SOURCE INFORMATION -

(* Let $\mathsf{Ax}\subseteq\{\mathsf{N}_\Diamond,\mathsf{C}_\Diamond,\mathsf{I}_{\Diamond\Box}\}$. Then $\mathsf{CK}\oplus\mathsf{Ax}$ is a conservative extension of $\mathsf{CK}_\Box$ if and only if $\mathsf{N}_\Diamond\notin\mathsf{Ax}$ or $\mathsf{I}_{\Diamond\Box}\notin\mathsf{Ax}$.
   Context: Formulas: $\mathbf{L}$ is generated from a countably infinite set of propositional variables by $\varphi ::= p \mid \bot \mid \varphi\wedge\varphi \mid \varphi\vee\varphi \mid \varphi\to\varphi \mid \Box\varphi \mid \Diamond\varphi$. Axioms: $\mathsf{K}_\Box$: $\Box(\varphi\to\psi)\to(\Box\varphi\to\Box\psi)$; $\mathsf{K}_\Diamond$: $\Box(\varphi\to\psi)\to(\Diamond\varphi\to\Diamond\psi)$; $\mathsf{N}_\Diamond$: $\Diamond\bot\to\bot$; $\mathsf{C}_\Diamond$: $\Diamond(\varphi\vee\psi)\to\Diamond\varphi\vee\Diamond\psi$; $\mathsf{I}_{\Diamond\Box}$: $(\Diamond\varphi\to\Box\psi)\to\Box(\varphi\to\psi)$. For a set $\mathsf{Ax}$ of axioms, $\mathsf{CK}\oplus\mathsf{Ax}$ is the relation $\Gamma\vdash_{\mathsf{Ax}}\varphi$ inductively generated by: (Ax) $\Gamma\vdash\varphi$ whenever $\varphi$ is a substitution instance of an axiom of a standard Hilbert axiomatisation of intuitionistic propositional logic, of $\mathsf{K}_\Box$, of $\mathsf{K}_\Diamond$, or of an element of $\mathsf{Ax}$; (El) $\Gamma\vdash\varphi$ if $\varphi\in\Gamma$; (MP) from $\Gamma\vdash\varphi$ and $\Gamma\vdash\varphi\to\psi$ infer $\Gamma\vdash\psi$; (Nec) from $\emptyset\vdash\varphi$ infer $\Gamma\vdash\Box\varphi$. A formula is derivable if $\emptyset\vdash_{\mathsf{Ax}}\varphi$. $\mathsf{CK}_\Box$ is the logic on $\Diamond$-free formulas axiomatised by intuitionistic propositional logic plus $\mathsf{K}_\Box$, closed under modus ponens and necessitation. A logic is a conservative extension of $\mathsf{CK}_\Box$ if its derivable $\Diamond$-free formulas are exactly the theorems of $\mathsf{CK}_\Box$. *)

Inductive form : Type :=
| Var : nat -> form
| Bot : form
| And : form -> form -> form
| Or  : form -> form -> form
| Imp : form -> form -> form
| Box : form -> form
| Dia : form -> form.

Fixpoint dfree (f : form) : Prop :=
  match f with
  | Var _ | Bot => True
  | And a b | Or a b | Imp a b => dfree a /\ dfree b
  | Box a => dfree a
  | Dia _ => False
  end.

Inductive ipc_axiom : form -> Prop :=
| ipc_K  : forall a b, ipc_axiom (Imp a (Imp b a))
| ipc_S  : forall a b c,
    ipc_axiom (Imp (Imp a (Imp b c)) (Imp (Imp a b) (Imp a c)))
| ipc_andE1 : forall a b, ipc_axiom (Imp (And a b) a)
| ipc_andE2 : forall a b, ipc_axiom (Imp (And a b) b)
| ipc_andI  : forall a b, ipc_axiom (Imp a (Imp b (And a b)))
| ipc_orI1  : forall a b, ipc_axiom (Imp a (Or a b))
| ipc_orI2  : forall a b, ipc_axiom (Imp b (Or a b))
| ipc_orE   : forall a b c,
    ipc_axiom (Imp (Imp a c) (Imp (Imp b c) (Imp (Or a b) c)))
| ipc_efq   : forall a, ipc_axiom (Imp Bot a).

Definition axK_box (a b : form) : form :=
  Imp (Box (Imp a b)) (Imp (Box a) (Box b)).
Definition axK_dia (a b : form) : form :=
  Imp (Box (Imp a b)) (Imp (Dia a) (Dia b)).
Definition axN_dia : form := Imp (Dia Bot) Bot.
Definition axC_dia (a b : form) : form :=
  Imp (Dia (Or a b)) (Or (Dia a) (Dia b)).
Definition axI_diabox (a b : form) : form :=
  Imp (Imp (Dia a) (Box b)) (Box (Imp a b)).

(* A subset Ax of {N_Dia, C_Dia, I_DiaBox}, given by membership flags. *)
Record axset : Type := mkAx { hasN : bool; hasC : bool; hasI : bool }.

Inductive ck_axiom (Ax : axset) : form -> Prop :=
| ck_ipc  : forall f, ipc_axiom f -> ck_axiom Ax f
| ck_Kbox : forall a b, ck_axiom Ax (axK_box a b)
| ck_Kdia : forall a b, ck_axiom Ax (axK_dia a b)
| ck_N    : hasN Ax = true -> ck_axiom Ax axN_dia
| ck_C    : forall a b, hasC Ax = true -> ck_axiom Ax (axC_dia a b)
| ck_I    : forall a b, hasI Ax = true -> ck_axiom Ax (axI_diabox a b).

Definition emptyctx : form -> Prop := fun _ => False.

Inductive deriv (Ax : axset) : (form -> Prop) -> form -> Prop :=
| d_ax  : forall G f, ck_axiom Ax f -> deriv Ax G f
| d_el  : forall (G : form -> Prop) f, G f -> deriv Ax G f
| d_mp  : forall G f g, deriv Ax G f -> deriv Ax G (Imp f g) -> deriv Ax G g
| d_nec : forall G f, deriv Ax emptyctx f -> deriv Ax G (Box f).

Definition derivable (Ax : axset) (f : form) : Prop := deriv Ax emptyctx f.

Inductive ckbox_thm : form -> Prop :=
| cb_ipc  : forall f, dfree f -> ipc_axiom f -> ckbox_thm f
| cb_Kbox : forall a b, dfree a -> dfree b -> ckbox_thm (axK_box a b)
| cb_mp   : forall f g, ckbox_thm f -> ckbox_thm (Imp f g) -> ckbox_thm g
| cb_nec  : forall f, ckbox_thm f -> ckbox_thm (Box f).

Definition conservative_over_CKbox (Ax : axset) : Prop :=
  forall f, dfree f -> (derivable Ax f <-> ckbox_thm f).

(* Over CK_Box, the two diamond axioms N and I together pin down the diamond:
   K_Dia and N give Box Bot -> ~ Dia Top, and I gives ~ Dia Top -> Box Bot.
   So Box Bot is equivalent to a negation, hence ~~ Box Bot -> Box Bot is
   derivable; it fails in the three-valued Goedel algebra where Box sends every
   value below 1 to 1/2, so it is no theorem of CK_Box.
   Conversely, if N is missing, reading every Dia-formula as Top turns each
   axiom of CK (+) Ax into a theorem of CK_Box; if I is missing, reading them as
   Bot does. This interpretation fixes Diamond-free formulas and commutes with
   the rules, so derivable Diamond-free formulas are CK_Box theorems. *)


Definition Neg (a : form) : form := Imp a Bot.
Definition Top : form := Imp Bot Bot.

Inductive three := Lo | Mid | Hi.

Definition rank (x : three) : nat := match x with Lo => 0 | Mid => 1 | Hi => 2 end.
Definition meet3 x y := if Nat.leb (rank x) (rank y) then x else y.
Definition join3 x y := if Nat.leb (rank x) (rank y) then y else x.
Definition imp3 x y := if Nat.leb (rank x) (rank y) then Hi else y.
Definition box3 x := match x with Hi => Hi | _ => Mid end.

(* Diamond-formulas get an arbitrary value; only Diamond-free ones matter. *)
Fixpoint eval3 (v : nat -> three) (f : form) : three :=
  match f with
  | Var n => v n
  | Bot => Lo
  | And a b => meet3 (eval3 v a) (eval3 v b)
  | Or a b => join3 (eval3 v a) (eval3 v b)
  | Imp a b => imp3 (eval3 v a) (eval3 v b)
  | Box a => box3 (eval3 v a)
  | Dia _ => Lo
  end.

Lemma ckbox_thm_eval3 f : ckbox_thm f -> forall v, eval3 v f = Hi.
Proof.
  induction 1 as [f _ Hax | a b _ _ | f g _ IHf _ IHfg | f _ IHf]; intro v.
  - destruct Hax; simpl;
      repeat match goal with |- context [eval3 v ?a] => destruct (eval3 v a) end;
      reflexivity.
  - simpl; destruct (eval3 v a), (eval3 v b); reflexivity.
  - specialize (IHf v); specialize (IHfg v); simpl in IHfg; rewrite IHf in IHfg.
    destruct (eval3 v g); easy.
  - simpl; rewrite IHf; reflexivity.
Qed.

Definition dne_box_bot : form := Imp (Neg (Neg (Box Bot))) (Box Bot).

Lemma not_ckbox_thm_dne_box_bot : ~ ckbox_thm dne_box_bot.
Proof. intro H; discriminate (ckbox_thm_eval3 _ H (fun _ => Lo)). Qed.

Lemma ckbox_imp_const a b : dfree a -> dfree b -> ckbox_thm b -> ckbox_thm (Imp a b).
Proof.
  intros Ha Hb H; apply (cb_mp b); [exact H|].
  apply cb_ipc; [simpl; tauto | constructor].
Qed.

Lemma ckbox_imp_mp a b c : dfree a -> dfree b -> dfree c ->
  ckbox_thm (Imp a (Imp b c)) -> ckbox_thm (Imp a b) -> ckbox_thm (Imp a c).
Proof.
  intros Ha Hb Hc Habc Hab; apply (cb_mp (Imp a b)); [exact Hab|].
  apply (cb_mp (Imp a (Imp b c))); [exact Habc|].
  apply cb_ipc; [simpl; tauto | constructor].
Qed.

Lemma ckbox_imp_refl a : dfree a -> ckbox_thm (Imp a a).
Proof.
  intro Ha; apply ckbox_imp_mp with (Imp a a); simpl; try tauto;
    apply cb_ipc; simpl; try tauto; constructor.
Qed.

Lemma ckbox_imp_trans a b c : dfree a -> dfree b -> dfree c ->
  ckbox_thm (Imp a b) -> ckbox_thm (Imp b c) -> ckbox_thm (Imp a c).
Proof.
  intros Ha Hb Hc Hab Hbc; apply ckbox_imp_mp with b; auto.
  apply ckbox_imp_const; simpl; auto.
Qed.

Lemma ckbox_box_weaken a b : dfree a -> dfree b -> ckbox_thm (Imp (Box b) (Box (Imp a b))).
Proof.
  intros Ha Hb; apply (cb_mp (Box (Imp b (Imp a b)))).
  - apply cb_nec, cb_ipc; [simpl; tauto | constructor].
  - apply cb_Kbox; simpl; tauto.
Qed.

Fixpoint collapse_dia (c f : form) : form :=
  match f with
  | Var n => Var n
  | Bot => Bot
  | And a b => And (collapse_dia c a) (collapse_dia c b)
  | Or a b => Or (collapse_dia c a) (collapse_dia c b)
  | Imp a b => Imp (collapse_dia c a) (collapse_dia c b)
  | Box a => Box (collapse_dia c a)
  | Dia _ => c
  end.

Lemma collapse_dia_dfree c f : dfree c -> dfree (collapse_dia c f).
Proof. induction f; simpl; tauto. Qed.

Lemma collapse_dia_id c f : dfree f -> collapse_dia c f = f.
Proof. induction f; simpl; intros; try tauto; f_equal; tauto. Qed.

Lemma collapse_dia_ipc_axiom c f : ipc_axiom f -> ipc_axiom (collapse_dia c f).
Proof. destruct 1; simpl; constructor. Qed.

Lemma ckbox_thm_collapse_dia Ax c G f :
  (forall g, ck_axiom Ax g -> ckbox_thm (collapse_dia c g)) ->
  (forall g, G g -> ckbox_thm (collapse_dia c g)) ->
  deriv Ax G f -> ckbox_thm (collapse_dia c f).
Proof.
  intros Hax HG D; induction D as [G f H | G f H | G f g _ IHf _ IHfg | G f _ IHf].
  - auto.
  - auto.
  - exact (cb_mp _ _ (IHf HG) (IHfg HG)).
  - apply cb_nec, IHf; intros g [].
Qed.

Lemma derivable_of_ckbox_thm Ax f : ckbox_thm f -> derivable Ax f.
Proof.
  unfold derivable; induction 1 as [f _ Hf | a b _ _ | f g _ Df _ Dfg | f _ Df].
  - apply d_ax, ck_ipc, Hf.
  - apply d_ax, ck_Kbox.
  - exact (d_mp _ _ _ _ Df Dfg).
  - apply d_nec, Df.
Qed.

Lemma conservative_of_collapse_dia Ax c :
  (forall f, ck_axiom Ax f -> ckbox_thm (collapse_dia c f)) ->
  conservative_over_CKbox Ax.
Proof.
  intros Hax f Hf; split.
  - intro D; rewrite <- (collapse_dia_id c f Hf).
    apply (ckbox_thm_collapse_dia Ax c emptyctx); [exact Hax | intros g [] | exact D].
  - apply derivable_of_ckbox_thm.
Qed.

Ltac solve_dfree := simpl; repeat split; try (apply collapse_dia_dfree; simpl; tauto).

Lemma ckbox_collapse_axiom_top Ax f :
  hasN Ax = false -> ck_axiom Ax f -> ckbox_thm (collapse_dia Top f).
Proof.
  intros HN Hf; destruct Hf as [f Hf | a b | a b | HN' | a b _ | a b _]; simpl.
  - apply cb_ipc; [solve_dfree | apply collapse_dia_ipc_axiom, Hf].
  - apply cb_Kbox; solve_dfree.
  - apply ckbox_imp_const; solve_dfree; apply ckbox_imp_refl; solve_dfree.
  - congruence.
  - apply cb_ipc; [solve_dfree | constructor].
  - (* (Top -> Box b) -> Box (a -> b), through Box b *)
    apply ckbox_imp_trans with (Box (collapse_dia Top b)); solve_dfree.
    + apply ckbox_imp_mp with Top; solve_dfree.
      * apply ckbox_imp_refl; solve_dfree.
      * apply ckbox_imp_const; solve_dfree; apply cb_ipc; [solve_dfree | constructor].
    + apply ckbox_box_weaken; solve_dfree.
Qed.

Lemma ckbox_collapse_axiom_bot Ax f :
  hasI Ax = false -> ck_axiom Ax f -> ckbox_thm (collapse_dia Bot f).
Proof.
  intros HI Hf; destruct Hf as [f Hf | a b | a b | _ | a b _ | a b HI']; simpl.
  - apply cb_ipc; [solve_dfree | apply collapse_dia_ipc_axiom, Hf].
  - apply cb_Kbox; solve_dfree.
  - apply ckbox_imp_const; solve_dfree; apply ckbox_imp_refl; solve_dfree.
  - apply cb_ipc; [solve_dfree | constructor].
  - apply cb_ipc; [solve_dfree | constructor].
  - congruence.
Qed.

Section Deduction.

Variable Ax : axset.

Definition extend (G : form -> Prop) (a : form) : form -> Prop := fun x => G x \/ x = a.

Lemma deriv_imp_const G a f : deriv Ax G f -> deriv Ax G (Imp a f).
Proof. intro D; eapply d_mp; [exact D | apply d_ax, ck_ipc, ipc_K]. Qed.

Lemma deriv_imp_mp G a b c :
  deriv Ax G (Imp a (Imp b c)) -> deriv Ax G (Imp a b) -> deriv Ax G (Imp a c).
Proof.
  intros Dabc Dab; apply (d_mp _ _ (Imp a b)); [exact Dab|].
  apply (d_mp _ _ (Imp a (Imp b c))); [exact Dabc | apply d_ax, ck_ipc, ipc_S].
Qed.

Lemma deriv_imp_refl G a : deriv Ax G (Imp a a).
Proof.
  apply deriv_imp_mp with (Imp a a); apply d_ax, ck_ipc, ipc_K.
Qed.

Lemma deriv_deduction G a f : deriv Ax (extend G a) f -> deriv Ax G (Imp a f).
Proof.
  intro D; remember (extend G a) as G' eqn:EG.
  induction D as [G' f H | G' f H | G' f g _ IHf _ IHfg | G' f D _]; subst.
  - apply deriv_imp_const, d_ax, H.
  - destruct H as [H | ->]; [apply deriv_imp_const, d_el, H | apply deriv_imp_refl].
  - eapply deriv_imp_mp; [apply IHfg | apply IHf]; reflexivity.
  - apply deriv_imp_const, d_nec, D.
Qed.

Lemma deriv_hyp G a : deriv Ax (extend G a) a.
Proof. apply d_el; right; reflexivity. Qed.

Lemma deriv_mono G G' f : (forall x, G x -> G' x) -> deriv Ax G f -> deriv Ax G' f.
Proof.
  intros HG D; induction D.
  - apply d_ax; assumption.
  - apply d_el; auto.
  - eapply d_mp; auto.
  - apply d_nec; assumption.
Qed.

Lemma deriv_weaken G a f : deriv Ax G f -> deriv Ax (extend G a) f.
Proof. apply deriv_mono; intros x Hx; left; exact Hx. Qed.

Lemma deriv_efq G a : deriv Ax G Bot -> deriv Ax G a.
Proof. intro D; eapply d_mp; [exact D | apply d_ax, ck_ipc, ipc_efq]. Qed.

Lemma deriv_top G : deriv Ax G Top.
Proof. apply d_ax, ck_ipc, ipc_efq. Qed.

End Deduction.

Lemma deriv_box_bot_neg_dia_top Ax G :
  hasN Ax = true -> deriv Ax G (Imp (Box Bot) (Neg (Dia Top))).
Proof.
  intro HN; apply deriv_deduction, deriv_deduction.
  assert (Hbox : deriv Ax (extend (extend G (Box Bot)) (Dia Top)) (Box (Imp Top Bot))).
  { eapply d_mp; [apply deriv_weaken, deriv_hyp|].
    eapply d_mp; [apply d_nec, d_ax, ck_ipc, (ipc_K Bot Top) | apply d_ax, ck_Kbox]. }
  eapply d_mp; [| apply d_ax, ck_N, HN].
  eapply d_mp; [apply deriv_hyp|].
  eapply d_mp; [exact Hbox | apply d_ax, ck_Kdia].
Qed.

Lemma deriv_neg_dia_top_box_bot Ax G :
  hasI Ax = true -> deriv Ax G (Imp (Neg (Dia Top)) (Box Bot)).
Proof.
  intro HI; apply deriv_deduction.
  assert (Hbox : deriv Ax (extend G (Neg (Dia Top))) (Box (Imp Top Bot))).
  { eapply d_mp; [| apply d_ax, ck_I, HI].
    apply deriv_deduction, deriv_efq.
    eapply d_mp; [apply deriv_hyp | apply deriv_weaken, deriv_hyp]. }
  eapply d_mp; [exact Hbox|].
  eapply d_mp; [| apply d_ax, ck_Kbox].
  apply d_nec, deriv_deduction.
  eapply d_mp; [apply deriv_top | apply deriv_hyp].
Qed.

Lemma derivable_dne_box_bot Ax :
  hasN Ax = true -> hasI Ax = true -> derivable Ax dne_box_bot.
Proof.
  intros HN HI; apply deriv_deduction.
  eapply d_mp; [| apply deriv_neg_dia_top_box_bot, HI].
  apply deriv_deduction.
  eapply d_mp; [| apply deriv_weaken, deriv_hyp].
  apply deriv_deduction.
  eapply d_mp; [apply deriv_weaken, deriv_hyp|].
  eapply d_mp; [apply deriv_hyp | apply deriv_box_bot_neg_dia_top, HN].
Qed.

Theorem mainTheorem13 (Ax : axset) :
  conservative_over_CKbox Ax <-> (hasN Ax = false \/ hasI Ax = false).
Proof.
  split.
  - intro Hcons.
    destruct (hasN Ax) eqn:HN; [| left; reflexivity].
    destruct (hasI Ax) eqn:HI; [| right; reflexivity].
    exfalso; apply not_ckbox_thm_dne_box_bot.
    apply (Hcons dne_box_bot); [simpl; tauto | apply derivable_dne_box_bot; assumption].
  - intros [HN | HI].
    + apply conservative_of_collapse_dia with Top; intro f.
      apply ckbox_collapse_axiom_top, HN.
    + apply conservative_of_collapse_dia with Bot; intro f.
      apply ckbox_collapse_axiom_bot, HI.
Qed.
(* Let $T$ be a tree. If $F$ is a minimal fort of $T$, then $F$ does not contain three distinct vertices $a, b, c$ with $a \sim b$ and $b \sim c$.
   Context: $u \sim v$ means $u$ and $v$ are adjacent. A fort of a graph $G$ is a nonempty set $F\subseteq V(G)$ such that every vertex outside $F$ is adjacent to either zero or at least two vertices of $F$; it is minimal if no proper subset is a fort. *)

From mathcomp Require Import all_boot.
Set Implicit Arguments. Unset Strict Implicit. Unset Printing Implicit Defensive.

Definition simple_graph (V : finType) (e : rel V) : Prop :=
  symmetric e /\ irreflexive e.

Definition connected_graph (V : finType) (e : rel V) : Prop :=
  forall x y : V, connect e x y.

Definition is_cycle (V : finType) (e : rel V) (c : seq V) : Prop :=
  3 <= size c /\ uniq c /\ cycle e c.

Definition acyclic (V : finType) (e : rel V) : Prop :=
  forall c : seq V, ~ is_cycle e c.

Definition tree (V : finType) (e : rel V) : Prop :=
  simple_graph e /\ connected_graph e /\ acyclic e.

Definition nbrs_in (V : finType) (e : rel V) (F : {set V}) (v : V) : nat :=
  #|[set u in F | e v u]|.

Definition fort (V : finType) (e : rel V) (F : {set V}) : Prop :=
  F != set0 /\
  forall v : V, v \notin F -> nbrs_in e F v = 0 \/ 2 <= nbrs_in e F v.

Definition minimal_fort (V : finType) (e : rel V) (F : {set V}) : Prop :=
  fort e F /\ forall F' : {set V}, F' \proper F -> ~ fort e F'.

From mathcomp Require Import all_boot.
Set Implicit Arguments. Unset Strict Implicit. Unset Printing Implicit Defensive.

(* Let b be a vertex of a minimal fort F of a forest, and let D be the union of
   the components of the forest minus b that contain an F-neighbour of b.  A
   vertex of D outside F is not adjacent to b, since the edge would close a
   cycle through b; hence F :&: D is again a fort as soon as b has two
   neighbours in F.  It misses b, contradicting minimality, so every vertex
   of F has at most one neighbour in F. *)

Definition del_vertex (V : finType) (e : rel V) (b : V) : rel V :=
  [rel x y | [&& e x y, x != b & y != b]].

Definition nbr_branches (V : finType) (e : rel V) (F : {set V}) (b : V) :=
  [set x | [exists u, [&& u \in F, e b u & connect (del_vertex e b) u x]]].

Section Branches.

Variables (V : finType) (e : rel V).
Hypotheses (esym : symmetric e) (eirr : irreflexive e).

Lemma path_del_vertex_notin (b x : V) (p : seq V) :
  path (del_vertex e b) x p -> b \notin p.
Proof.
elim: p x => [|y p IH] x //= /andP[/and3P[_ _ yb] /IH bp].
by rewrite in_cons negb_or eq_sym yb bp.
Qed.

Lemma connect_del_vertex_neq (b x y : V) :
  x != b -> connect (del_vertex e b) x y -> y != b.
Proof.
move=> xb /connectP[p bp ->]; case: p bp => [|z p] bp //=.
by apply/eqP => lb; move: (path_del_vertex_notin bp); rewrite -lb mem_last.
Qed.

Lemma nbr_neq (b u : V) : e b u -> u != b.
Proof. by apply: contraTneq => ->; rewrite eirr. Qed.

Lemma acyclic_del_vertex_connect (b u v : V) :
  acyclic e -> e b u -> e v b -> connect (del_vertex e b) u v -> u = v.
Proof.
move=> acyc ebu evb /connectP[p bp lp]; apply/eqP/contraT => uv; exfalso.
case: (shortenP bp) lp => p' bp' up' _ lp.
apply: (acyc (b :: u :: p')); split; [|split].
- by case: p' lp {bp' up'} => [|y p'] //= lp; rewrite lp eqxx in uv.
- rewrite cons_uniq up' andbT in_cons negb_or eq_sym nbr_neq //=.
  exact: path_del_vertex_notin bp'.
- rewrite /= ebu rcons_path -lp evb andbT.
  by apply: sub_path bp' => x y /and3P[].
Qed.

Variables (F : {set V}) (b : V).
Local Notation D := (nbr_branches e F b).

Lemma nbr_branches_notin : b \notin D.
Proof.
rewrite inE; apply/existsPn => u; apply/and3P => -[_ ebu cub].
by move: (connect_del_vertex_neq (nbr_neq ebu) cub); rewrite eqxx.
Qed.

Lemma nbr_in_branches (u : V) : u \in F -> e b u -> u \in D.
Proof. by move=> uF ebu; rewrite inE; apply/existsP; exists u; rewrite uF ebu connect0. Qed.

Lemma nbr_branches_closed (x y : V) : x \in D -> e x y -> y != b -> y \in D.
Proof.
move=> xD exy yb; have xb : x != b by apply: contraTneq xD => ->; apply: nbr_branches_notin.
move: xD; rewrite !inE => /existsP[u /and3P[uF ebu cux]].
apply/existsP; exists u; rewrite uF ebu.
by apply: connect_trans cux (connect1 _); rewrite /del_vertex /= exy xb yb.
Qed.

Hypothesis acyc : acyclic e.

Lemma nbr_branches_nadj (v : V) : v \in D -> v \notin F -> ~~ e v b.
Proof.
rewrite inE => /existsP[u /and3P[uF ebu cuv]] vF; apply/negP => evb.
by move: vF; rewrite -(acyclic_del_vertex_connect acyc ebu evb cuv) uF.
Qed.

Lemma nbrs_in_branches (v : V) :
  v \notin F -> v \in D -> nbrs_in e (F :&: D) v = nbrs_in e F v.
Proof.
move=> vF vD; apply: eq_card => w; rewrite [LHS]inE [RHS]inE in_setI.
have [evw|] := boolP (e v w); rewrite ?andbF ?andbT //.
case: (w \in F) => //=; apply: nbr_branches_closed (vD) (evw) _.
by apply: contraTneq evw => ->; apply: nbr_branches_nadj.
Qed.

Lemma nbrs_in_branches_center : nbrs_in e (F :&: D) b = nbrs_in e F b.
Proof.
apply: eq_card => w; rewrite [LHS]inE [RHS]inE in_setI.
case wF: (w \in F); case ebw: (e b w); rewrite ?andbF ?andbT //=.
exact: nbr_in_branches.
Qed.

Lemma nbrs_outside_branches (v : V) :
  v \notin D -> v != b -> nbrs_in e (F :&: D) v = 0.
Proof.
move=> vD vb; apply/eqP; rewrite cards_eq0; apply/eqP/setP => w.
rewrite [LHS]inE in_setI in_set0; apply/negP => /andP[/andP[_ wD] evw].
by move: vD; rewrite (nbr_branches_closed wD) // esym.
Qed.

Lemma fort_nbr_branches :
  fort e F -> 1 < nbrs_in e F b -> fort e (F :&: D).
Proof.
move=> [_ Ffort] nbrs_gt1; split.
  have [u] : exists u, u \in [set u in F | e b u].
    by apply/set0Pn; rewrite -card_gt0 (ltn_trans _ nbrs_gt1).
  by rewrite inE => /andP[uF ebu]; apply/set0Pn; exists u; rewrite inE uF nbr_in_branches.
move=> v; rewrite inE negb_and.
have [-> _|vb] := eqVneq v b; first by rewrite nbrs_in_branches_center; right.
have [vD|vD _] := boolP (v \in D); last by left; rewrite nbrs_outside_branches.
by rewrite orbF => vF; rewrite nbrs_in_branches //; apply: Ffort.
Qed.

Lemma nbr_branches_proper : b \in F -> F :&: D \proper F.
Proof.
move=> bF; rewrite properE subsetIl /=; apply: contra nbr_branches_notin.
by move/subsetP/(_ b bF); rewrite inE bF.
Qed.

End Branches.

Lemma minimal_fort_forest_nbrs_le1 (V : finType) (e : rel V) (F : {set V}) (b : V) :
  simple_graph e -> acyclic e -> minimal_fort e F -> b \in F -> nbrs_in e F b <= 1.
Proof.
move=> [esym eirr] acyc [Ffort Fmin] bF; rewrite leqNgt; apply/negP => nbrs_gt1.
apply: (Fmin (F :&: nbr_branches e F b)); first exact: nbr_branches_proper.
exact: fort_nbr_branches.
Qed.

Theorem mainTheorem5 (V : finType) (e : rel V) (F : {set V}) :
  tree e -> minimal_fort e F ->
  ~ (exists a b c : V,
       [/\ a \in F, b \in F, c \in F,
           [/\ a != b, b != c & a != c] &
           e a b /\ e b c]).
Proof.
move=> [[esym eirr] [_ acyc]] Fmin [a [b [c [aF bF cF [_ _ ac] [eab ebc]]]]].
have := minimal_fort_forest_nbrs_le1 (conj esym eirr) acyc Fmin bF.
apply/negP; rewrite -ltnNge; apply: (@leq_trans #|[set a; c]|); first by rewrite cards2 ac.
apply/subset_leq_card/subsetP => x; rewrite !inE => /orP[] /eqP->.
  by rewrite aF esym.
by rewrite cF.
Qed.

ACTIVITY - Within the records, how many lines carry the word "andbT"? Reply with the figure alone.

RESULT OF THE TASK - 4